Lemma dominated_graph_extend H x0 : dominated_graph H ->
  exists H', [/\ dominated_graph H', H `<=` H' & exists c, H' (x0, c)].
Proof.
move=> gH; have [c [U L]] := extension_value x0 gH; case: gH => [H0 HD HZ HN].
exists [set p | exists y a t, H (y, a) /\ p = (y + rscale t x0, a + t * c)].
split; last first.
- by exists c, 0, 0, 1; split => //; rewrite rscale1 add0r mul1r add0r.
- move=> [y a] Hya; exists y, a, 0; split => //.
  by rewrite rscale0 addr0 mul0r addr0.
split.
- by exists 0, 0, 0; split => //; rewrite rscale0 addr0 mul0r addr0.
- move=> _ _ _ _ [y1 [a1 [t1 [H1 [-> ->]]]]] [y2 [a2 [t2 [H2 [-> ->]]]]].
  exists (y1 + y2), (a1 + a2), (t1 + t2); split; first exact: HD.
  by congr pair; [rewrite rscaleDl addrACA | ring].
- move=> s _ _ [y [a [t [Hya [-> ->]]]]].
  exists (rscale s y), (s * a), (s * t); split; first exact: HZ.
  by congr pair; [rewrite rscaleDr rscaleA | ring].
- move=> _ _ [y [a [t [Hya [-> ->]]]]].
  have [tlt|tgt|->] := ltgtP t 0; last first.
  + by rewrite rscale0 addr0 mul0r addr0; exact: HN.
  + (* y + t x0 = t (t^-1 y + x0), and the bound U applies to (t^-1 y, t^-1 a) *)
    have := U _ _ (HZ t^-1 _ _ Hya).
    have -> : y + rscale t x0 = rscale t (rscale t^-1 y + x0).
      by rewrite rscaleDr rscaleA mulfV ?gt_eqF // rscale1.
    rewrite rnormZ gtr0_norm // => h.
    have := ler_wpM2l (ltW tgt) h.
    rewrite mulrDr mulrA mulfV ?gt_eqF // mul1r; lra.
  + (* symmetric case with u = -t > 0, using the bound L *)
    pose u := - t; have u0 : 0 < u by rewrite /u oppr_gt0.
    have := L _ _ (HZ u^-1 _ _ Hya).
    have -> : y + rscale t x0 = rscale u (rscale u^-1 y - x0).
      by rewrite rscaleDr rscaleA mulfV ?gt_eqF // rscale1 rscaleNr -rscaleNl opprK.
    rewrite rnormZ gtr0_norm // => h.
    have := ler_wpM2l (ltW u0) h.
    rewrite mulrBr mulrA mulfV ?gt_eqF // mul1r /u; lra.
Qed.
(* Suppose that $G$ is a group with a finite-index characteristic subgroup $A\cong\mathbb{Z}^m$, and that there is a homomorphism $\operatorname{sgn}\colon G\to\{1,-1\}$ such that for all $g\in G$ and $x\in A$ we have $g^{-1}xg=x^{\operatorname{sgn}(g)}$. Then the group $P_{A,G}$ of automorphisms of $A$ that extend to automorphisms of $G$ has finite index in $\operatorname{Aut}(A)$. *)

(* Groups G here are possibly infinite, so they are given as a carrier type
   with explicit operations and axioms. *)
From Stdlib Require List.
From mathcomp Require Import all_boot all_order all_algebra.
Set Implicit Arguments. Unset Strict Implicit. Unset Printing Implicit Defensive.
Import GRing.Theory Num.Theory.
Local Open Scope ring_scope.

Section GroupDefs.
Variables (T : Type) (mul : T -> T -> T) (one : T) (inv : T -> T).

Definition is_group : Prop :=
  [/\ (forall x y z, mul x (mul y z) = mul (mul x y) z),
      (forall x, mul one x = x), (forall x, mul x one = x),
      (forall x, mul (inv x) x = one) & (forall x, mul x (inv x) = one)].

Definition is_subgroup (A : T -> Prop) : Prop :=
  [/\ A one, (forall x y, A x -> A y -> A (mul x y)) & (forall x, A x -> A (inv x))].

Definition finite_index (A : T -> Prop) : Prop :=
  exists s : list T, forall g, exists2 r, List.In r s & A (mul (inv r) g).

Definition is_aut (f : T -> T) : Prop :=
  (forall x y, f (mul x y) = mul (f x) (f y)) /\
  exists g : T -> T, (forall x, g (f x) = x) /\ (forall x, f (g x) = x).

::::

▶ Work task: Copy out whichever lines of the listing contain the word "case".

▶ Result:
move=> gH; have [c [U L]] := extension_value x0 gH; case: gH => [H0 HD HZ HN].
  + (* symmetric case with u = -t > 0, using the bound L *)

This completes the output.